SOURCE RECORDS >>
Lemma moving_grid_boundary (w : C) :
  rho * w = q * x ->
  qinf (rho / zh1 * (w / q)) <> 0 -> qinf (rho / zh2 * (w / q)) <> 0 ->
  jackson_boundary w 0 = cA0 * jackson_term (w / q) (fun s => Xf x (q * s)) 0.
Proof.
  intros Hw Hh1 Hh2.
  assert (Hroot : Xf x (w / q) = 0).
  { apply Xf_root; auto. replace (rho * (w / q)) with (rho * w / q) by (unfold Cdiv; ring).
    rewrite Hw. field. auto with neq_0_db. }
  assert (Hwq : q * (w / q) = w) by (field; auto with neq_0_db).
  pose proof (cA_sub_kA_Vfac x rho (qp a1) zh1 zh2 Hx0 rho_neq_0 zh1_neq_0 zh2_neq_0 (w / q)) as HV.
  replace (rho * (w / q) / x) with (RtoC 1) in HV.
  2: { replace (rho * (w / q) / x) with (rho * w / (q * x)) by (field; split; auto with neq_0_db).
       rewrite Hw. field. split; auto with neq_0_db. }
  fold kA0 in HV.
  unfold jackson_boundary, boundary, jackson_term, grid. simpl Cpow. rewrite !Cmult_1_r, Hroot, Hwq.
  fold kA0 kB0. replace (Tf w) with (Tf (q * (w / q))) by (rewrite Hwq; reflexivity).
  transitivity (Ufac zl1 zl2 (w / q) * Tf (q * (w / q)) * kA0 * Pf (w / q) * Xf x w); [ring |].
  rewrite Tf_qdiff by assumption.
  transitivity (kA0 * Vfac rho zh1 zh2 (w / q) * (Tf (w / q) * Pf (w / q) * Xf x w)); [ring |].
  replace (kA0 * Vfac rho zh1 zh2 (w / q)) with (cA0 * (w / q))
    by (apply Ceq_minus; rewrite HV; ring).
  ring.
Qed.

(* For [g8] the grid [w q^n] moves with [x] ([w] is proportional to [x]): the sums for
   [x / q] and [q x] are the one for [x] shifted by one step, [Xf x] vanishes at [w / q],
   and the extra boundary term is [moving_grid_boundary]. *)
Lemma moving_grid_identity (w L1 L2 L0 : C) :
  rho * w = q * x ->
  (forall n, qinf (rho / zh1 * grid w n) <> 0) ->
  (forall n, qinf (rho / zh2 * grid w n) <> 0) ->
  qinf (rho / zh1 * (w / q)) <> 0 -> qinf (rho / zh2 * (w / q)) <> 0 ->
  (forall n, qinf (/ x * grid w n) <> 0) ->
  cv (jackson_sum (w / q) (fun s => Xf x (q * s))) L1 ->
  cv (jackson_sum (q * w) (fun s => Xf x (s / q))) L2 ->
  cv (jackson_sum w (Xf x)) L0 ->
  cA0 * L1 + cB0 * L2 - (d0 + E0) * L0 = kA0 - kB0.
Proof.
  intros Hw Hh1 Hh2 Hh1' Hh2' Hx C1 C2 C0.
  set (Xm := fun s => Xf x (s / q)).
  assert (Hroot : Xf x (grid w 0 / q) = 0).
  { apply Xf_root; auto. unfold grid. simpl Cpow.
    replace (rho * (w * 1 / q)) with (rho * w / q) by (unfold Cdiv; ring).
    rewrite Hw. field. auto with neq_0_db. }
  assert (HX2 : forall n, Xf x (grid w n / q) * (1 - grid w n / (q * x))
                          = (1 - rho * grid w n / (q * x)) * Xf x (grid w n)).
  { intros [| n].
    - replace (rho * grid w 0 / (q * x)) with (RtoC 1).
      + rewrite Hroot. ring.
      + unfold grid. simpl Cpow. rewrite Cmult_1_r, Hw. field. split; auto with neq_0_db.
    - apply Xf_qdiff_down; auto. rewrite grid_div_q, grid_div_q_S. apply Hx. }
  assert (HG0 : jackson_term w Xm 0 = 0) by (unfold jackson_term, Xm; rewrite Hroot; ring).
  apply (limit_of_telescoping w (fun m => jackson_sum (w / q) (fun s => Xf x (q * s)) (S m))
           (jackson_sum (q * w) Xm) (jackson_sum w (Xf x)) (fun m => cB0 * jackson_term w Xm m)
           L1 L2 L0); auto.
  - apply (cv_shift _ _ 1 C1).
  - apply (cv_eq _ (cB0 * (0 * 1 * 1 * 1))); [ring |]. apply cv_scal.
    repeat apply cv_mult; [apply grid_cv_0 | apply Tf_grid_cv | | apply Pf_grid_cv].
    apply (cv_ext (fun n => Xf x (grid (w / q) n))); [| apply Xf_grid_cv].
    intros n. unfold Xm. rewrite grid_div_q. reflexivity.
  - intros m. rewrite jackson_sum_div_q, jackson_sum_mul_q, HG0.
    transitivity (cA0 * jackson_sum w (fun s => Xf x (q * s)) m + cB0 * jackson_sum w Xm m
                  - (d0 + E0) * jackson_sum w (Xf x) m
                  + cA0 * jackson_term (w / q) (fun s => Xf x (q * s)) 0
                  + cB0 * jackson_term w Xm m); [ring |].
    rewrite grid_telescoping, moving_grid_boundary; auto. ring.
Qed.

Variable xp : R -> C -> C.
Hypothesis Hxp : forall y : C, y <> 0 -> xp (- a1)%R (q * y) = qp (- a1)%R * xp (- a1)%R y.

Notation Aop := (A4 q qp t1 t2 h1 h2 l1 l2 a1 a2 (INR N + 1)).
Notation inhom := ((1 - q) * xp (- a1)%R x * qp (- lam1 + h1 + h2 + 1)%R
                   * (qp (- lam1 - a1 - INR N)%R - 1) * t1 * t2).

Lemma A4_from_limits (g : C -> C) (L0 L1 L2 : C) :
  g x = (1 - q) * xp (- a1)%R x * L0 ->
  g (x / q) = (1 - q) * xp (- a1)%R (x / q) * L1 ->
  g (q * x) = (1 - q) * xp (- a1)%R (q * x) * L2 ->
  cA0 * L1 + cB0 * L2 - (d0 + E0) * L0 = kA0 - kB0 ->
  Aop g x = E0 * g x - inhom.
Proof.
  intros G0 G1 G2 Key.
  assert (Hxq : x / q <> 0) by (apply Cdiv_neq_0; auto with neq_0_db).
  assert (X1 : xp (- a1)%R (x / q) = qp a1 * xp (- a1)%R x).
  { pose proof (Hxp (x / q) Hxq) as H.
    replace (q * (x / q)) with x in H by (field; auto with neq_0_db).
    rewrite H, Cmult_assoc, <- qp_add. replace (a1 + - a1)%R with 0%R by ring. rewrite qp_0. ring. }
  unfold A4. rewrite G0, G1, G2, X1, (Hxp x Hx0), A4_coef_x_inv.
  rewrite (qp_add a1 a2), (qp_opp a1).
  transitivity ((1 - q) * xp (- a1)%R x * (cA0 * L1 + cB0 * L2 - d0 * L0)).
  { unfold cA, cB, dcoef, kA0, zh1, zh2, zl1, zl2. field. neq_0. }
  replace (cA0 * L1 + cB0 * L2 - d0 * L0) with (E0 * L0 + (kA0 - kB0)) by (rewrite <- Key; ring).
  rewrite kA0_eq, kB0_eq. ring.
Qed.

Notation cN := (cn qp t1 t2 N h1 h2 l1 l2 a1 a2 lam1 E0).
Notation generic := (generic_at q qp t1 t2 h1 h2 l1 l2 a1 lam1).
Notation params y := (par6 qp t1 t2 h1 h2 l1 l2 a1 lam1 y ++ par7 qp t1 t2 h1 h2 l1 l2 a1 lam1 y
                      ++ par8 qp t1 t2 h1 h2 l1 l2 a1 lam1 y)%list.

Lemma cpoly_Pf s : cpoly cN N s = s * Pf s.
Proof.
  unfold cpoly, Pf, rec_poly, cn. rewrite <- sumC_scal. apply sumC_ext. intros k _.
  rewrite cseq_crec. simpl Cpow. ring.
Qed.

(* After reindexing, the Jackson integral of [gshape] is [jackson_sum]: the infinite
   products of [weight n] split into the factors [Tf] and [Xf y] at [s = w q^n]. *)
Lemma gshape_jackson_sum (w A1 A2 A3 B1 B2 y : C) :
  qgen q A1 -> qgen q A2 -> qgen q A3 -> qgen q B1 -> qgen q B2 ->
  (forall n, qinf (q * Cpow q n) * qinf (B1 * Cpow q n) * qinf (B2 * Cpow q n)
             = qinf (/ zl1 * grid w n) * qinf (/ zl2 * grid w n) * qinf (rho / y * grid w n)) ->
  (forall n, qinf (A1 * Cpow q n) * qinf (A2 * Cpow q n) * qinf (A3 * Cpow q n)
             = qinf (rho / zh1 * grid w n) * qinf (rho / zh2 * grid w n) * qinf (/ y * grid w n)) ->
  cv (jackson_sum w (Xf y)) (limC (jackson_sum w (Xf y))) /\
  gshape q (xp (- a1)%R y) cN N w A1 A2 A3 B1 B2
  = (1 - q) * xp (- a1)%R y * limC (jackson_sum w (Xf y)).
Proof.
  intros g1 g2 g3 g4 g5 Hnum Hden.
  destruct (gshape_jackson q Hq1 A1 A2 A3 B1 B2 g1 g2 g3 g4 g5 (xp (- a1)%R y) cN N w)
    as [Hcv Hg].
  assert (E : forall m, jackson_partial q A1 A2 A3 B1 B2 cN N w m = jackson_sum w (Xf y) m).
  { intros m. apply sumC_ext. intros n _. rewrite cpoly_Pf. unfold weight.
    rewrite Hnum, Hden.
    assert (Hprod : qinf (rho / zh1 * grid w n) * qinf (rho / zh2 * grid w n)
                    * qinf (/ y * grid w n) <> 0).
    { rewrite <- Hden. repeat apply Cmult_neq_0; apply qpoch_inf_geo_neq_0; auto. }
    assert (qinf (rho / zh1 * grid w n) <> 0) by (intro Z; apply Hprod; rewrite Z; ring).
    assert (qinf (rho / zh2 * grid w n) <> 0) by (intro Z; apply Hprod; rewrite Z; ring).
    assert (qinf (/ y * grid w n) <> 0) by (intro Z; apply Hprod; rewrite Z; ring).
    unfold jackson_term, Tf, Xf, qratio, grid in *. field. repeat split; auto. }
  assert (Hcv' : cv (jackson_sum w (Xf y)) (limC (jackson_partial q A1 A2 A3 B1 B2 cN N w)))
    by exact (cv_ext _ _ _ E Hcv).
  rewrite (cv_limC _ _ Hcv'). split; assumption.
Qed.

ACTIVITY >> For the listing above, print only the lines starting at the line containing "q) Hxq) as H." and ending at the line containing "Lemma gshape_jackson_sum (w", exactly, both included.

ANSWER SECTION >>
  { pose proof (Hxp (x / q) Hxq) as H.
    replace (q * (x / q)) with x in H by (field; auto with neq_0_db).
    rewrite H, Cmult_assoc, <- qp_add. replace (a1 + - a1)%R with 0%R by ring. rewrite qp_0. ring. }
  unfold A4. rewrite G0, G1, G2, X1, (Hxp x Hx0), A4_coef_x_inv.
  rewrite (qp_add a1 a2), (qp_opp a1).
  transitivity ((1 - q) * xp (- a1)%R x * (cA0 * L1 + cB0 * L2 - d0 * L0)).
  { unfold cA, cB, dcoef, kA0, zh1, zh2, zl1, zl2. field. neq_0. }
  replace (cA0 * L1 + cB0 * L2 - d0 * L0) with (E0 * L0 + (kA0 - kB0)) by (rewrite <- Key; ring).
  rewrite kA0_eq, kB0_eq. ring.
Qed.

Notation cN := (cn qp t1 t2 N h1 h2 l1 l2 a1 a2 lam1 E0).
Notation generic := (generic_at q qp t1 t2 h1 h2 l1 l2 a1 lam1).
Notation params y := (par6 qp t1 t2 h1 h2 l1 l2 a1 lam1 y ++ par7 qp t1 t2 h1 h2 l1 l2 a1 lam1 y
                      ++ par8 qp t1 t2 h1 h2 l1 l2 a1 lam1 y)%list.

Lemma cpoly_Pf s : cpoly cN N s = s * Pf s.
Proof.
  unfold cpoly, Pf, rec_poly, cn. rewrite <- sumC_scal. apply sumC_ext. intros k _.
  rewrite cseq_crec. simpl Cpow. ring.
Qed.

(* After reindexing, the Jackson integral of [gshape] is [jackson_sum]: the infinite
   products of [weight n] split into the factors [Tf] and [Xf y] at [s = w q^n]. *)
Lemma gshape_jackson_sum (w A1 A2 A3 B1 B2 y : C) :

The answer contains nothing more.